History offers a warning. Wars in Iraq and Afghanistan lasted far longer than initially expected. If the current conflict expands or continues for months, strategic reserves could be depleted while the underlying problem — the closure of the Strait of Hormuz — remains unresolved.

In other words, reserves may treat the symptom, but they do not solve the crisis.

The only durable solution is to restore freedom of navigation.

The Strait of Hormuz is not merely a regional waterway — it is the artery through which a large portion of the world’s energy supply flows. Allowing it to remain threatened emboldens those who seek to use energy as a geopolitical weapon.

President Trump has already outlined the right policy.
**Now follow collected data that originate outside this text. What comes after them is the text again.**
(* Let $a\in(0,1)$, $r\ge1$, $\kappa_1\in(a,1)$, and assume $r\le \dfrac{as}{\sqrt{5\log\big(2/(1-a/\kappa_1)\big)}}$. Then for every $\theta\in\mathcal{D}_{a,r}$, $$\langle M(\theta),\theta^*\rangle\ge (a/\kappa_1)\|\theta^*\|^2 .$$
   Context: Fix $d\ge1$, $\sigma>0$ and $\theta^*\in\mathbb{R}^d\setminus\{0\}$. Let $Y$ be distributed according to the mixture $\tfrac12 N(\theta^*,\sigma^2I_d)+\tfrac12 N(-\theta^*,\sigma^2I_d)$. Let $\omega(t):=1/(1+e^{-2t})$. The population EM operator is $M(\theta):=2\,\mathbb{E}\big[Y\,\omega(\langle\theta,Y\rangle/\sigma^2)\big]$. The signal-to-noise ratio is $s:=\|\theta^*\|/\sigma$. For $a\in(0,1)$ and $r\ge1$ define $\mathcal{H}_a:=\{\theta:\langle\theta,\theta^*\rangle\ge a\|\theta^*\|^2\}$, $\mathcal{B}_r:=\{\theta:\|\theta\|\le r\|\theta^*\|\}$ and $\mathcal{D}_{a,r}:=\mathcal{H}_a\cap\mathcal{B}_r$. *)

From Stdlib Require Import Reals Lra.
Open Scope R_scope.

(* Vectors of R^d are represented as functions nat -> R; only coordinates
   0..d-1 are meaningful. *)
Definition inner (d : nat) (u v : nat -> R) : R :=
  match d with O => 0 | S d' => sum_f_R0 (fun i => u i * v i) d' end.

Definition norm (d : nat) (u : nat -> R) : R := sqrt (inner d u u).

Definition improper_int (f : R -> R) (l : R) : Prop :=
  (forall a b, a <= b -> inhabited (Riemann_integrable f a b)) /\
  (forall eps, 0 < eps -> exists A, 0 < A /\
     forall a b (pr : Riemann_integrable f a b),
       a <= - A -> A <= b -> Rabs (RiemannInt pr - l) < eps).

(* Iterated improper integral over R^d of F : (nat -> R) -> R,
   integrating coordinate 0 outermost. [iint d F l] means the integral
   exists and equals l. *)
Definition vcons (x : R) (v : nat -> R) : nat -> R :=
  fun i => match i with O => x | S k => v k end.

Fixpoint iint (d : nat) (F : (nat -> R) -> R) (l : R) : Prop :=
  match d with
  | O => l = F (fun _ => 0)
  | S d' => exists g : R -> R, improper_int g l /\
              forall x, iint d' (fun v => F (vcons x v)) (g x)
  end.

Definition gauss_density (d : nat) (sigma : R) (mu y : nat -> R) : R :=
  exp (- inner d (fun i => y i - mu i) (fun i => y i - mu i) / (2 * sigma ^ 2))
  / (sqrt (2 * PI * sigma ^ 2)) ^ d.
What the world now needs is the follow-through.

The lesson from history is unmistakable: when global energy security is threatened, leadership cannot remain a promise.

It must become action.

Because if the Strait of Hormuz remains closed and oil surges toward $200 a barrel, the consequences will not be limited to the Middle East. They will be felt by every American family filling their tank, every truck delivering food, and every business struggling with rising costs.

Time for the United States to secure the Strait of Hormuz.
Time for President Trump to deliver.